— What is required —
Copy out every entry, keeping each character the same.

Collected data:
Lemma OTA_phi_star_staircase (m : nat) :
  exists (N : nat) (D : nat -> R) (g : nat -> R -> R) (y yopt : nat -> R),
    instance_ok L U N D g /\ OTA_run phi C N D g y /\ offline_feasible C N D yopt /\
    value N g yopt = U * C /\
    value N g y <= beta * U + (C - beta) / INR (S m) * (U - L).
Proof.
  (* Item 0 (slope L) fills [0, beta]; item k >= 1 has slope phi (x k) and OTA takes
     exactly delta of it, so ALG is a right Riemann sum of phi over [beta, C]. OPT puts
     the whole capacity on the last item, whose slope is phi C = U. *)
  pose proof beta_star_pos. pose proof beta_star_le.
  set (n := S m). set (delta := (C - beta) / INR n).
  assert (Hn : 0 < INR n) by (apply lt_0_INR; unfold n; lia).
  assert (Hdelta : 0 <= delta) by (apply Rmult_le_pos; [lra|apply Rlt_le, Rinv_0_lt_compat, Hn]).
  set (x := fun k => beta + INR k * delta).
  assert (Hx : forall k, (k <= n)%nat -> beta <= x k <= C).
  { intros k Hk. apply le_INR in Hk. pose proof (pos_INR k). unfold x. split; [nra|].
    assert (INR n * delta = C - beta) by (unfold delta; field; lra). nra. }
  assert (Hxn : x n = C) by (unfold x, delta; field; lra).
  set (g := fun k z => phi (x k) * z).
  set (y := fun k => match k with O => beta | S _ => delta end).
  set (yopt := fun k => if Nat.eqb k n then C else 0).
  assert (Hy : forall k, 0 <= y k <= C).
  { intros [|k]; simpl; [lra|]. split; [lra|].
    pose proof (Hx 1%nat ltac:(unfold n; lia)). unfold x in *. simpl in *. lra. }
  assert (Hpsum : forall k, psum y (S k) = x k).
  { induction k as [|k IH]; [unfold x; simpl; lra|].
    change (psum y (S k) + delta = x (S k)). rewrite IH. unfold x. rewrite S_INR. ring. }
  assert (Hyopt0 : forall k, (k < n)%nat -> yopt k = 0).
  { intros k Hk. unfold yopt.
    replace (Nat.eqb k n) with false by (symmetry; apply Nat.eqb_neq; lia). reflexivity. }
  assert (Hyoptn : yopt n = C) by (unfold yopt; rewrite Nat.eqb_refl; reflexivity).
  exists (S n), (fun _ => C), g, y, yopt. split; [|split; [|split; [|split]]].
  - intros k Hk. apply linear_valfun_ok; [lra|lra|split; [apply phi_star_ge|]].
    pose proof (phi_star_le (x k) C ltac:(apply Hx; lia)). rewrite phi_star_C in *. lra.
  - apply OTA_run_choice. intros k Hk.
    replace (g k) with (fun z => phi (psum y k + y k) * z)
      by (unfold g; rewrite <- Hpsum; reflexivity).
    pose proof (Hx k ltac:(lia)) as Hxk. rewrite <- Hpsum in Hxk. simpl in Hxk.
    apply (ota_choice_linear phi C phi_star_continuous phi_star_le); [apply Hy|lra|].
    intros t Ht. apply phi_star_lt; lra.
  - split; [intros k _; unfold yopt; destruct (Nat.eqb k n); lra|].
    change (psum yopt n + yopt n <= C). rewrite (psum_eq0 yopt n Hyopt0), Hyoptn. lra.
  - change (psum (fun k => g k (yopt k)) n + g n (yopt n) = U * C). rewrite psum_eq0.
    + unfold g. rewrite Hyoptn, Hxn, phi_star_C. ring.
    + intros k Hk. unfold g. rewrite Hyopt0 by exact Hk. ring.
  - assert (Hstep : forall k, (k <= n)%nat ->
      psum (fun j => g j (y j)) (S k) <= RInt phi 0 (x k) + delta * (phi (x k) - L)).
    { induction k as [|k IH]; intros Hk.
      - assert (Hx0 : x 0%nat = beta) by (unfold x; simpl; ring).
        unfold g. simpl. rewrite Hx0, RInt_phi_star, phi_star_flat by lra. lra.
      - change (psum (fun j => g j (y j)) (S k) + phi (x (S k)) * delta
                <= RInt phi 0 (x (S k)) + delta * (phi (x (S k)) - L)).
        pose proof (IH ltac:(lia)).
        rewrite <- (RInt_threshold_Chasles phi phi_star_continuous 0 (x k) (x (S k))).
        assert (HxS : x (S k) = x k + delta) by (unfold x; rewrite S_INR; ring).
        pose proof (RInt_threshold_ge phi phi_star_continuous phi_star_le (x k) (x (S k))
                      ltac:(lra)) as Hge.
        replace (x (S k) - x k) with delta in Hge by lra. lra. }
    unfold value. pose proof (Hstep n (le_n n)) as Hlast.
    rewrite Hxn, RInt_phi_star, phi_star_C in Hlast by lra. lra.
Qed.

Lemma OTA_phi_star_near_tight (eta : R) :
  0 < eta ->
  exists (N : nat) (D : nat -> R) (g : nat -> R -> R) (y yopt : nat -> R),
    instance_ok L U N D g /\ OTA_run phi C N D g y /\ offline_feasible C N D yopt /\
    value N g yopt = U * C /\ value N g y <= beta * U + eta.
Proof.
  intros Heta. pose proof beta_star_le.
  destruct (INR_unbounded ((C - beta) * (U - L) / eta)) as [m Hm].
  destruct (OTA_phi_star_staircase m)
    as (N & D & g & y & yopt & Hinst & Hrun & Hfeas & Hopt & Halg).
  exists N, D, g, y, yopt. do 4 (split; [assumption|]).
  assert (Hgap : (C - beta) / INR (S m) * (U - L) <= eta); [|lra].
  rewrite S_INR. pose proof (pos_INR m).
  assert ((C - beta) * (U - L) <= eta * (INR m + 1)).
  { apply (Rmult_gt_compat_r eta) in Hm; [|exact Heta].
    replace ((C - beta) * (U - L) / eta * eta) with ((C - beta) * (U - L)) in Hm by (field; lra).
    nra. }
  apply (Rmult_le_reg_r (INR m + 1)); [lra|].
  replace ((C - beta) / (INR m + 1) * (U - L) * (INR m + 1)) with ((C - beta) * (U - L))
    by (field; lra).
  lra.
Qed.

— Response area —
Lemma OTA_phi_star_staircase (m : nat) :
  exists (N : nat) (D : nat -> R) (g : nat -> R -> R) (y yopt : nat -> R),
    instance_ok L U N D g /\ OTA_run phi C N D g y /\ offline_feasible C N D yopt /\
    value N g yopt = U * C /\
    value N g y <= beta * U + (C - beta) / INR (S m) * (U - L).
Proof.
  (* Item 0 (slope L) fills [0, beta]; item k >= 1 has slope phi (x k) and OTA takes
     exactly delta of it, so ALG is a right Riemann sum of phi over [beta, C]. OPT puts
     the whole capacity on the last item, whose slope is phi C = U. *)
  pose proof beta_star_pos. pose proof beta_star_le.
  set (n := S m). set (delta := (C - beta) / INR n).
  assert (Hn : 0 < INR n) by (apply lt_0_INR; unfold n; lia).
  assert (Hdelta : 0 <= delta) by (apply Rmult_le_pos; [lra|apply Rlt_le, Rinv_0_lt_compat, Hn]).
  set (x := fun k => beta + INR k * delta).
  assert (Hx : forall k, (k <= n)%nat -> beta <= x k <= C).
  { intros k Hk. apply le_INR in Hk. pose proof (pos_INR k). unfold x. split; [nra|].
    assert (INR n * delta = C - beta) by (unfold delta; field; lra). nra. }
  assert (Hxn : x n = C) by (unfold x, delta; field; lra).
  set (g := fun k z => phi (x k) * z).
  set (y := fun k => match k with O => beta | S _ => delta end).
  set (yopt := fun k => if Nat.eqb k n then C else 0).
  assert (Hy : forall k, 0 <= y k <= C).
  { intros [|k]; simpl; [lra|]. split; [lra|].
    pose proof (Hx 1%nat ltac:(unfold n; lia)). unfold x in *. simpl in *. lra. }
  assert (Hpsum : forall k, psum y (S k) = x k).
  { induction k as [|k IH]; [unfold x; simpl; lra|].
    change (psum y (S k) + delta = x (S k)). rewrite IH. unfold x. rewrite S_INR. ring. }
  assert (Hyopt0 : forall k, (k < n)%nat -> yopt k = 0).
  { intros k Hk. unfold yopt.
    replace (Nat.eqb k n) with false by (symmetry; apply Nat.eqb_neq; lia). reflexivity. }
  assert (Hyoptn : yopt n = C) by (unfold yopt; rewrite Nat.eqb_refl; reflexivity).
  exists (S n), (fun _ => C), g, y, yopt. split; [|split; [|split; [|split]]].
  - intros k Hk. apply linear_valfun_ok; [lra|lra|split; [apply phi_star_ge|]].
    pose proof (phi_star_le (x k) C ltac:(apply Hx; lia)). rewrite phi_star_C in *. lra.
  - apply OTA_run_choice. intros k Hk.
    replace (g k) with (fun z => phi (psum y k + y k) * z)
      by (unfold g; rewrite <- Hpsum; reflexivity).
    pose proof (Hx k ltac:(lia)) as Hxk. rewrite <- Hpsum in Hxk. simpl in Hxk.
    apply (ota_choice_linear phi C phi_star_continuous phi_star_le); [apply Hy|lra|].
    intros t Ht. apply phi_star_lt; lra.
  - split; [intros k _; unfold yopt; destruct (Nat.eqb k n); lra|].
    change (psum yopt n + yopt n <= C). rewrite (psum_eq0 yopt n Hyopt0), Hyoptn. lra.
  - change (psum (fun k => g k (yopt k)) n + g n (yopt n) = U * C). rewrite psum_eq0.
    + unfold g. rewrite Hyoptn, Hxn, phi_star_C. ring.
    + intros k Hk. unfold g. rewrite Hyopt0 by exact Hk. ring.
  - assert (Hstep : forall k, (k <= n)%nat ->
      psum (fun j => g j (y j)) (S k) <= RInt phi 0 (x k) + delta * (phi (x k) - L)).
    { induction k as [|k IH]; intros Hk.
      - assert (Hx0 : x 0%nat = beta) by (unfold x; simpl; ring).
        unfold g. simpl. rewrite Hx0, RInt_phi_star, phi_star_flat by lra. lra.
      - change (psum (fun j => g j (y j)) (S k) + phi (x (S k)) * delta
                <= RInt phi 0 (x (S k)) + delta * (phi (x (S k)) - L)).
        pose proof (IH ltac:(lia)).
        rewrite <- (RInt_threshold_Chasles phi phi_star_continuous 0 (x k) (x (S k))).
        assert (HxS : x (S k) = x k + delta) by (unfold x; rewrite S_INR; ring).
        pose proof (RInt_threshold_ge phi phi_star_continuous phi_star_le (x k) (x (S k))
                      ltac:(lra)) as Hge.
        replace (x (S k) - x k) with delta in Hge by lra. lra. }
    unfold value. pose proof (Hstep n (le_n n)) as Hlast.
    rewrite Hxn, RInt_phi_star, phi_star_C in Hlast by lra. lra.
Qed.

Lemma OTA_phi_star_near_tight (eta : R) :
  0 < eta ->
  exists (N : nat) (D : nat -> R) (g : nat -> R -> R) (y yopt : nat -> R),
    instance_ok L U N D g /\ OTA_run phi C N D g y /\ offline_feasible C N D yopt /\
    value N g yopt = U * C /\ value N g y <= beta * U + eta.
Proof.
  intros Heta. pose proof beta_star_le.
  destruct (INR_unbounded ((C - beta) * (U - L) / eta)) as [m Hm].
  destruct (OTA_phi_star_staircase m)
    as (N & D & g & y & yopt & Hinst & Hrun & Hfeas & Hopt & Halg).
  exists N, D, g, y, yopt. do 4 (split; [assumption|]).
  assert (Hgap : (C - beta) / INR (S m) * (U - L) <= eta); [|lra].
  rewrite S_INR. pose proof (pos_INR m).
  assert ((C - beta) * (U - L) <= eta * (INR m + 1)).
  { apply (Rmult_gt_compat_r eta) in Hm; [|exact Heta].
    replace ((C - beta) * (U - L) / eta * eta) with ((C - beta) * (U - L)) in Hm by (field; lra).
    nra. }
  apply (Rmult_le_reg_r (INR m + 1)); [lra|].
  replace ((C - beta) / (INR m + 1) * (U - L) * (INR m + 1)) with ((C - beta) * (U - L))
    by (field; lra).
  lra.
Qed.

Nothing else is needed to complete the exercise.